Thu Jul 8 14:52:54 UTC 2021

Hi Olaf,

thanks for reply.

On 7/8/21 3:29 PM, Olaf Buitelaar wrote:
> Hi Jiri,
> 
> your probleem looks pretty similar to mine, see; 
> https://lists.gluster.org/pipermail/gluster-users/2021-February/039134.html 
> <https://lists.gluster.org/pipermail/gluster-users/2021-February/039134.html>
> Any chance you also see the xfs errors in de brick logs?

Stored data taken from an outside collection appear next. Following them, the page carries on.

Definition restrD y : cdiag n * weight n * cdiag n :=
  (restr_diag y.1.1, restr_weight y.1.2, restr_diag y.2).

Lemma ocdP x : x \in ocd L ->
  [/\ is_diag x.1.1, is_diag x.2, x.1.2 \in L, oriented x.1.1 x.1.2 & oriented x.2 x.1.2].
Proof. by rewrite inE => /and5P. Qed.

Lemma pick_underline a la : la \in L -> is_diag a -> oriented a la ->
  exists2 al, al \in L & underline al = a /\ [pick al in L | underline al == a] = Some al.
Proof.
move=> laL Hd Ho; case: pickP => [al /andP [alL /eqP ua]|none]; first by exists al.
have [al alL H] := deg0_in_block laL Hd Ho.
by have := none al; rewrite alL (deg0_underline H) eqxx.
Qed.

Lemma clDE x : x \in ocd L -> exists al, exists be,
  [/\ al \in L, be \in L, underline al = x.1.1, underline be = x.2 &
      clD p q L x = (underline (cl p q al), cl p q x.1.2, underline (cl p q be))].
Proof.
case/ocdP=> Hda Hdb laL Hoa Hob.
have [al alL [ua pick_a]] := pick_underline laL Hda Hoa.
have [be beL [ub pick_b]] := pick_underline laL Hdb Hob.
by exists al, be; split=> //; rewrite /clD pick_a pick_b.
Qed.

Lemma clD_closed x : x \in ocd L ->
  clD p q L x \in closed_ocd (cl p q @: L) /\ ocd_deg (clD p q L x) = ocd_deg x.
Proof.
move=> xL; have [al [be [alL beL ua ub ->]]] := clDE xL.
case/ocdP: xL => _ _ laL Hoa Hob; rewrite -ua in Hoa; rewrite -ub in Hob.
have [Hoa' dega] := underline_cl_oriented alL laL Hoa.
have [Hob' degb] := underline_cl_oriented beL laL Hob.
have [Hda _ _] := underline_deg0 (cl p q al); have [Hdb _ _] := underline_deg0 (cl p q be).
split; last by rewrite /ocd_deg /= dega degb ua ub.
rewrite !inE /= Hda Hdb Hoa' Hob' !deg0_underline_cl_no_rays //=.
by rewrite !andbT; apply/imsetP; exists x.1.2.
Qed.

Lemma clDK : {in ocd L, cancel (clD p q L) restrD}.
Proof.
move=> [[a la] b] xL; have [al [be [alL beL /= ua ub ->]]] := clDE xL.
by rewrite /restrD /= !restr_underline_cl // ua ub restr_weight_cl.
Qed.

Lemma closed_ocdP c mu d : ((c, mu), d) \in closed_ocd (cl p q @: L) ->
  exists2 la, la \in L & [/\ mu = cl p q la, is_diag c /\ is_diag d,
    oriented c (cl p q la) /\ oriented d (cl p q la) & no_rays c /\ no_rays d].
Proof.
rewrite !inE /= => /andP [/and5P [Hc Hd /imsetP [la laL ->] Hoc Hod] /andP [Hrc Hrd]].
by exists la.
Qed.

Lemma restrD_ocd y : y \in closed_ocd (cl p q @: L) -> restrD y \in ocd L.
Proof.
case: y => [[c mu] d] /closed_ocdP [la laL [-> [Hc Hd] [Hoc Hod] [Hrc Hrd]]].
by rewrite inE /= restr_weight_cl laL !restr_is_diag ?restr_oriented.
Qed.

Lemma restrDK : {in closed_ocd (cl p q @: L), cancel restrD (clD p q L)}.
Proof.
move=> y yL; have [al [be [alL beL ua ub ->]]] := clDE (restrD_ocd yL).
case: y yL ua ub => [[c mu] d] /closed_ocdP [la laL [-> [Hc Hd] [Hoc Hod] [Hrc Hrd]]] ua ub.
rewrite /restrD /= in ua ub *.
by rewrite restr_weight_cl (underline_cl_restr alL laL Hc Hrc Hoc ua)
           (underline_cl_restr beL laL Hd Hrd Hod ub).
Qed.

End Main.

Theorem lemma4p2 (n : nat) (l0 : weight n) :
  let L := block l0 in
  let p := count_lab Wedge l0 in
  let q := count_lab Vee l0 in
  [/\ {in ocd L &, injective (clD p q L)},
      clD p q L @: ocd L = closed_ocd (cl p q @: L)
    & {in ocd L, forall x, ocd_deg (clD p q L x) = ocd_deg x}].
Proof.
move=> L p q; split.
- exact: can_in_inj (@clDK n l0).
- apply/eqP; rewrite eqEsubset; apply/andP; split; apply/subsetP.
    by move=> _ /imsetP [x xL ->]; have [] := clD_closed xL.
  by move=> y yL; apply/imsetP; exists (restrD y); rewrite ?restrD_ocd ?restrDK.
- by move=> x xL; have [] := clD_closed xL.
Qed.
(* Suppose that condition (L) holds and $F\in e-{\mathcal B}-W^{p}(\Lambda \times X : Y).$ Let ${\mathrm R}$ be the collection of all sequences ${\bf b}=({\bf b}(m))_{m\in{\mathbb N}}$ in ${\mathbb R}^{n}$ such that ${\bf t}+{\bf b}(m)\in \Lambda$ for all ${\bf t}\in \Lambda$ and $m\in {\mathbb N}$, and let ${\mathcal B}$ be any collection of compact subsets of $X$ (such that each $x\in X$ belongs to some $B\in{\mathcal B}$). Then the function $F(\cdot;\cdot)$ is Weyl-$({\mathrm R},{\mathcal B},p)$-normal.
   Context: Standing setting: $(X,\|\cdot\|)$ and $(Y,\|\cdot\|_{Y})$ are complex Banach spaces; ${\mathcal B}$ is a non-empty collection of subsets of $X$ such that each $x\in X$ lies in some $B\in{\mathcal B}$; $\Omega=[0,1]^{n}$; $p\in[1,\infty)$ is a constant exponent; $\emptyset\neq\Lambda\subseteq{\mathbb R}^{n}$ satisfies $\Lambda+l\Omega\subseteq\Lambda$ for all $l>0$; $F:\Lambda\times X\rightarrow Y$. Condition (L): for all ${\bf t}\in\Lambda$, $x\in X$ and $l>0$, the function ${\bf u}\mapsto \|F({\bf t}+{\bf u};x)\|_{Y}$ belongs to $L^{p}(l\Omega)$. For functions $F,G:\Lambda\times X\to Y$ with $F({\bf t}+\cdot;x)-G({\bf t}+\cdot;x)\in L^{p}(l\Omega:Y)$ for all ${\bf t},x,l$, and $B\in{\mathcal B}$, set $D_{S_{l\Omega},B}^{p}(F,G):=\sup_{x\in B}\sup_{{\bf t}\in\Lambda} l^{-n/p}\|F({\bf t}+\cdot;x)-G({\bf t}+\cdot;x)\|_{L^{p}(l\Omega:Y)}$; the Weyl $p$-distance $D_{W,B}^{p}(F,G):=\lim_{l\rightarrow\infty}D_{S_{l\Omega},B}^{p}(F,G)$ exists (it is a pseudometric satisfying the triangle inequality). A trigonometric polynomial $P:\Lambda\times X\to Y$ is a finite linear combination of functions $e^{i[\lambda_{1}t_{1}+\cdots+\lambda_{n}t_{n}]}c(x)$ with $\lambda_{i}\in{\mathbb R}$ and $c:X\to Y$ continuous. $F\in e-{\mathcal B}-W^{p}(\Lambda\times X:Y)$ means: (L) holds and for every $B\in{\mathcal B}$ and $\epsilon>0$ there exist $l_{0}>0$ and a trigonometric polynomial $P$ with $\sup_{x\in B,{\bf t}\in\Lambda} l^{-n/p}\|P({\bf t}+\cdot;x)-F({\bf t}+\cdot;x)\|_{L^{p}(l\Omega:Y)}<\epsilon$ for all $l\geq l_{0}$ (equivalently, for each $B$ there are trigonometric polynomials $P_{m}$ with $D_{W,B}^{p}(F,P_{m})\to0$). $F$ is Weyl-$({\mathrm R},{\mathcal B},p)$-normal means: for every $B\in{\mathcal B}$ and every sequence $({\bf b}_{k})\in{\mathrm R}$ there exists a subsequence $({\bf b}_{k_{m}})$ such that $(F(\cdot+{\bf b}_{k_{m}};\cdot))_{m\in{\mathbb N}}$ is a Cauchy sequence with respect to $D_{W,B}^{p}(\cdot,\cdot)$. *)

From HB Require Import structures.
From mathcomp Require Import all_boot all_order all_algebra.
From mathcomp Require Import all_classical all_reals all_analysis.
From mathcomp Require Import measurable_realfun.
Set Implicit Arguments. Unset Strict Implicit. Unset Printing Implicit Defensive.
Import Order.TTheory GRing.Theory Num.Theory.
Import numFieldNormedType.Exports.
Local Open Scope classical_set_scope.
Local Open Scope ring_scope.

Section WeylDefs.
Variable R : realType.

(* A complex normed space is encoded as a real normed space V with a real-   *)
(* linear J : V -> V (multiplication by i) with J (J v) = - v, and such that *)
(* the complex scalar a + i b acts by a *: v + b *: J v with norm            *)
(* |a + i b| * ||v||.                                                        *)
Definition cscale (V : normedModType R) (J : V -> V) (a b : R) (v : V) : V :=
  a *: v + b *: J v.

Definition complex_structure (V : normedModType R) (J : V -> V) : Prop :=
  [/\ forall (a : R) (u v : V), J (a *: u + v) = a *: J u + J v,
      forall v : V, J (J v) = - v &
      forall (a b : R) (v : V), `|cscale J a b v| = Num.sqrt (a ^+ 2 + b ^+ 2) * `|v| ].

Definition tadd n (t u : n.-tuple R) : n.-tuple R :=
  [tuple tnth t i + tnth u i | i < n].

(* l * Omega = [0,l]^n *)
Definition cube n (l : R) : set (n.-tuple R) :=
  [set u | forall i : 'I_n, 0 <= tnth u i <= l].

Definition dotn n (lam t : n.-tuple R) : R := \sum_(i < n) tnth lam i * tnth t i.

(* iterated Lebesgue integral over [0,l]^n (Tonelli), for Borel functions *)
Fixpoint cube_iint (l : R) (n : nat) : (n.-tuple R -> \bar R) -> \bar R :=
  match n return (n.-tuple R -> \bar R) -> \bar R with
  | 0 => fun f => f [tuple]
  | m.+1 => fun f =>
      (\int[@lebesgue_measure R]_(s in [set s : R | (0 <= s <= l)%R]) cube_iint l
          (fun v : m.-tuple R => f [tuple of s :: v]))%E
  end.
Let Hf1 := smooth_disk3_pd1v f Hf.
Let Hf2 := smooth_disk3_pd2v f Hf.
Let Hf11 := smooth_disk3_pd1v _ Hf1.
Let Hf12 := smooth_disk3_pd2v _ Hf1.
Let Hf22 := smooth_disk3_pd2v _ Hf2.

Lemma conformal_second_derivatives x y : in_disk x y ->
  let E := exp (2 * u x y) in
  dot3 (pd1v (pd1v f) x y) (pd1v f x y) = pd1 u x y * E /\
  dot3 (pd2v (pd1v f) x y) (pd1v f x y) = pd2 u x y * E /\
  dot3 (pd2v (pd1v f) x y) (pd2v f x y) = pd1 u x y * E /\
  dot3 (pd2v (pd2v f) x y) (pd2v f x y) = pd2 u x y * E /\
  dot3 (pd1v (pd1v f) x y) (pd2v f x y) = - (pd2 u x y * E) /\
  dot3 (pd2v (pd2v f) x y) (pd1v f x y) = - (pd1 u x y * E).
Proof.
  intros Hd E.
  assert (E11 : eq_on_disk (fun a b => dot3 (pd1v f a b) (pd1v f a b)) (fun a b => exp (2 * u a b)))
    by (intros a b h; apply (Hconf a b h)).
  assert (E22 : eq_on_disk (fun a b => dot3 (pd2v f a b) (pd2v f a b)) (fun a b => exp (2 * u a b)))
    by (intros a b h; apply (Hconf a b h)).
  assert (E12 : eq_on_disk (fun a b => dot3 (pd1v f a b) (pd2v f a b)) (fun _ _ => 0))
    by (intros a b h; apply (Hconf a b h)).
  assert (K1 := pd1_dot3_eq_on_disk _ _ _ x y Hf1 Hf1 E11 Hd).
  assert (K2 := pd2_dot3_eq_on_disk _ _ _ x y Hf1 Hf1 E11 Hd).
  assert (K3 := pd1_dot3_eq_on_disk _ _ _ x y Hf2 Hf2 E22 Hd).
  assert (K4 := pd2_dot3_eq_on_disk _ _ _ x y Hf2 Hf2 E22 Hd).
  assert (K5 := pd1_dot3_eq_on_disk _ _ _ x y Hf1 Hf2 E12 Hd).
  assert (K6 := pd2_dot3_eq_on_disk _ _ _ x y Hf1 Hf2 E12 Hd).
  rewrite pd1_exp_scal in K1, K3 by (apply smooth_disk_ex_derive1; assumption).
  rewrite pd2_exp_scal in K2, K4 by (apply smooth_disk_ex_derive2; assumption).
  rewrite pd1_const in K5; rewrite pd2_const in K6.
  rewrite (smooth_disk3_pd1v_pd2v f x y Hf Hd) in K3, K5.
  rewrite !(dot3_comm (pd1v f x y)), !(dot3_comm (pd2v f x y)) in *.
  fold E in K1, K2, K3, K4.
  repeat split; lra.
Qed.

Lemma unit_normal_derivatives x y : in_disk x y ->
  dot3 (pd1v nu x y) (nu x y) = 0 /\ dot3 (pd2v nu x y) (nu x y) = 0 /\
  dot3 (pd1v nu x y) (pd1v f x y) = - h11 f nu x y /\
  dot3 (pd2v nu x y) (pd1v f x y) = - h12 f nu x y /\
  dot3 (pd1v nu x y) (pd2v f x y) = - h12 f nu x y /\
  dot3 (pd2v nu x y) (pd2v f x y) = - h22 f nu x y.
Proof.
  intros Hd.
  assert (Enn : eq_on_disk (fun a b => dot3 (nu a b) (nu a b)) (fun _ _ => 1))
    by (intros a b h; apply (Hnormal a b h)).
  assert (En1 : eq_on_disk (fun a b => dot3 (nu a b) (pd1v f a b)) (fun _ _ => 0))
    by (intros a b h; apply (Hnormal a b h)).
  assert (En2 : eq_on_disk (fun a b => dot3 (nu a b) (pd2v f a b)) (fun _ _ => 0))
    by (intros a b h; apply (Hnormal a b h)).
  assert (N1 := pd1_dot3_eq_on_disk _ _ _ x y Hnu Hnu Enn Hd).
  assert (N2 := pd2_dot3_eq_on_disk _ _ _ x y Hnu Hnu Enn Hd).
  assert (N3 := pd1_dot3_eq_on_disk _ _ _ x y Hnu Hf1 En1 Hd).
  assert (N4 := pd2_dot3_eq_on_disk _ _ _ x y Hnu Hf1 En1 Hd).
  assert (N5 := pd1_dot3_eq_on_disk _ _ _ x y Hnu Hf2 En2 Hd).
  assert (N6 := pd2_dot3_eq_on_disk _ _ _ x y Hnu Hf2 En2 Hd).
  rewrite pd1_const in N1, N3, N5; rewrite pd2_const in N2, N4, N6.
  rewrite (smooth_disk3_pd1v_pd2v f x y Hf Hd) in N5.
  unfold h11, h12, h22.
  rewrite !(dot3_comm (nu x y)) in *.
  repeat split; lra.
Qed.

Lemma codazzi x y : in_disk x y ->
  pd1 (h22 f nu) x y - pd2 (h12 f nu) x y = pd1 u x y * (h11 f nu x y + h22 f nu x y) /\
  pd2 (h11 f nu) x y - pd1 (h12 f nu) x y = pd2 u x y * (h11 f nu x y + h22 f nu x y).
Proof.
  intros Hd.
  destruct (conformal_second_derivatives x y Hd) as (C1 & C2 & C3 & C4 & C5 & C6).
  destruct (unit_normal_derivatives x y Hd) as (N1 & N2 & N3 & N4 & N5 & N6).
  destruct (Hconf x y Hd) as (F11 & F22 & F12), (Hnormal x y Hd) as (Nn & Nf1 & Nf2).
  rewrite dot3_comm in Nf1, Nf2.
  assert (HE : 0 < exp (2 * u x y)) by apply exp_pos.
  assert (Frame := fun w v => dot3_orthogonal_frame _ _ _ w v _ HE F11 F22 Nn F12 Nf1 Nf2).
  rewrite (pd1_dot3 (pd2v (pd2v f)) nu), (pd2_dot3 (pd2v (pd1v f)) nu),
    (pd2_dot3 (pd1v (pd1v f)) nu), (pd1_dot3 (pd2v (pd1v f)) nu) by assumption.
  (* the third-order terms cancel *)
  rewrite (smooth_disk3_pd1v_pd2v_pd2v f x y Hf Hd), <- (smooth_disk3_pd1v_pd2v (pd1v f) x y Hf1 Hd).
  rewrite (Frame (pd2v (pd2v f) x y) (pd1v nu x y)), (Frame (pd2v (pd1v f) x y) (pd2v nu x y)),
    (Frame (pd1v (pd1v f) x y) (pd2v nu x y)), (Frame (pd2v (pd1v f) x y) (pd1v nu x y)).
  rewrite C1, C2, C3, C4, C5, C6, N1, N2, N3, N4, N5, N6.
  split; field; lra.
Qed.

Lemma smooth_disk_h11 : smooth_disk (h11 f nu).
Proof. exact (smooth_disk_dot3 _ _ Hf11 Hnu). Qed.

Lemma smooth_disk_h12 : smooth_disk (h12 f nu).
Proof. exact (smooth_disk_dot3 _ _ Hf12 Hnu). Qed.

Lemma smooth_disk_h22 : smooth_disk (h22 f nu).
Proof. exact (smooth_disk_dot3 _ _ Hf22 Hnu). Qed.

Lemma smooth_disk_Hmean : smooth_disk (Hmean f nu u).
Proof.
  assert (H11 := smooth_disk_h11). assert (H22 := smooth_disk_h22).
  unfold Hmean; smooth_disk_tac.
Qed.

Lemma h0_11_eq x y : h0_11 f nu u x y = (h11 f nu x y - h22 f nu x y) / 2.
Proof.
  unfold h0_11, Hmean. rewrite exp_Ropp. field. apply Rgt_not_eq, exp_pos.
Qed.

Lemma pd1_Hmean x y : in_disk x y ->
  pd1 (Hmean f nu u) x y = exp (- (2 * u x y)) *
    (pd1 (h11 f nu) x y + pd1 (h22 f nu) x y - 2 * pd1 u x y * (h11 f nu x y + h22 f nu x y)).
Proof.
  intros Hd. assert (H11 := smooth_disk_h11). assert (H22 := smooth_disk_h22).
  unfold Hmean, pd1; apply is_derive_unique; auto_derive;
    [repeat split; apply smooth_disk_ex_derive1; assumption | ring].
Qed.

Lemma pd2_Hmean x y : in_disk x y ->
  pd2 (Hmean f nu u) x y = exp (- (2 * u x y)) *
    (pd2 (h11 f nu) x y + pd2 (h22 f nu) x y - 2 * pd2 u x y * (h11 f nu x y + h22 f nu x y)).
Proof.
  intros Hd. assert (H11 := smooth_disk_h11). assert (H22 := smooth_disk_h22).
  unfold Hmean, pd2; apply is_derive_unique; auto_derive;
    [repeat split; apply smooth_disk_ex_derive2; assumption | ring].
Qed.

Lemma dzbar_phi x y : in_disk x y ->
  dzbar (phi f nu u) x y = Cmult (exp (2 * u x y) / 2, 0) (dz (realC (Hmean f nu u)) x y).
Proof.
  intros Hd. assert (H11 := smooth_disk_h11). assert (H22 := smooth_disk_h22).
  assert (Re : forall a b, cre (phi f nu u) a b = (h11 f nu a b - h22 f nu a b) / 2)
    by (intros a b; apply h0_11_eq).
  assert (Im : forall a b, cim (phi f nu u) a b = -1 * h12 f nu a b)
    by (intros a b; unfold cim, phi, h0_12; simpl; ring).
  assert (Re1 : pd1 (cre (phi f nu u)) x y = (pd1 (h11 f nu) x y - pd1 (h22 f nu) x y) / 2).
  { rewrite (pd1_ext _ _ x y Re); unfold pd1; apply is_derive_unique; auto_derive;
      [repeat split; apply smooth_disk_ex_derive1; assumption | field]. }
  assert (Re2 : pd2 (cre (phi f nu u)) x y = (pd2 (h11 f nu) x y - pd2 (h22 f nu) x y) / 2).
  { rewrite (pd2_ext _ _ x y Re); unfold pd2; apply is_derive_unique; auto_derive;
      [repeat split; apply smooth_disk_ex_derive2; assumption | field]. }
  destruct (codazzi x y Hd) as [Cod1 Cod2].
  assert (HE : exp (2 * u x y) <> 0) by apply Rgt_not_eq, exp_pos.
  assert (Q1 : pd2 (h12 f nu) x y =
    pd1 (h22 f nu) x y - pd1 u x y * (h11 f nu x y + h22 f nu x y)) by lra.
  assert (Q2 : pd1 (h12 f nu) x y =
    pd2 (h11 f nu) x y - pd2 u x y * (h11 f nu x y + h22 f nu x y)) by lra.
  unfold dzbar. rewrite dz_realC, pd1_Hmean, pd2_Hmean, Re1, Re2 by assumption.
  rewrite (pd1_ext _ _ x y Im), (pd2_ext _ _ x y Im), pd1_scal, pd2_scal, Q1, Q2, exp_Ropp.
  unfold Cmult; simpl; f_equal; field; exact HE.
Qed.

Lemma h0_22_eq x y : h0_22 f nu u x y = - h0_11 f nu u x y.
Proof.
  unfold h0_22; rewrite h0_11_eq; unfold Hmean; rewrite exp_Ropp.
  field; apply Rgt_not_eq, exp_pos.
Qed.

Lemma willmore_laplacian x y : willmore_eq f nu u -> in_disk x y ->
  pd1 (pd1 (Hmean f nu u)) x y + pd2 (pd2 (Hmean f nu u)) x y =
  - 2 * exp (- (2 * u x y)) * (h0_11 f nu u x y ^ 2 + h12 f nu x y ^ 2) * Hmean f nu u x y.
Proof.
  intros Hw Hd. assert (W := Hw x y Hd).
  unfold lap_g, normA0sq in W. rewrite h0_22_eq in W. unfold h0_12 in W.
  replace (exp (- (4 * u x y))) with (exp (- (2 * u x y)) * exp (- (2 * u x y))) in W
    by (rewrite <- exp_plus; f_equal; ring).
  assert (HE : 0 < exp (- (2 * u x y))) by apply exp_pos.
  apply (Rmult_eq_reg_l (exp (- (2 * u x y)))); [nra | lra].
Qed.
End ConformalImmersion.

yes, I can see this log lines related to "health-check failed" items

[root at ovirt-hci02 ~]# grep "aio_read" /var/log/glusterfs/bricks/*
/var/log/glusterfs/bricks/gluster_bricks-vms2-vms2.log:[2021-07-07 
07:13:37.408010] W [MSGID: 113075] 
[posix-helpers.c:2135:posix_fs_health_check] 0-vms-posix: 
aio_read_cmp_buf() on /gluster_bricks/vms2/vms2/.glusterfs/health_check 
returned ret is -1 error is Structure needs cleaning
/var/log/glusterfs/bricks/gluster_bricks-vms2-vms2.log:[2021-07-07 
16:11:14.518844] W [MSGID: 113075] 
[posix-helpers.c:2135:posix_fs_health_check] 0-vms-posix: 
aio_read_cmp_buf() on /gluster_bricks/vms2/vms2/.glusterfs/health_check 
returned ret is -1 error is Structure needs cleaning

[root at ovirt-hci01 ~]# grep "aio_read" /var/log/glusterfs/bricks/*
/var/log/glusterfs/bricks/gluster_bricks-engine-engine.log:[2021-07-05 
13:15:51.982938] W [MSGID: 113075] 
[posix-helpers.c:2135:posix_fs_health_check] 0-engine-posix: 
aio_read_cmp_buf() on 
/gluster_bricks/engine/engine/.glusterfs/health_check returned ret is -1 
error is Structure needs cleaning
/var/log/glusterfs/bricks/gluster_bricks-vms2-vms2.log:[2021-07-05 
01:53:35.768534] W [MSGID: 113075] 
[posix-helpers.c:2135:posix_fs_health_check] 0-vms-posix: 
aio_read_cmp_buf() on /gluster_bricks/vms2/vms2/.glusterfs/health_check 
returned ret is -1 error is Structure needs cleaning

it looks very similar to your issue but in my case I don't use LVM cache 
and brick disks are JBOD (but connected through Broadcom / LSI MegaRAID 
SAS-3 3008 [Fury] (rev 02)).

> For me the situation improved once i disabled brick multiplexing, but i 
> don't see that in your volume configuration.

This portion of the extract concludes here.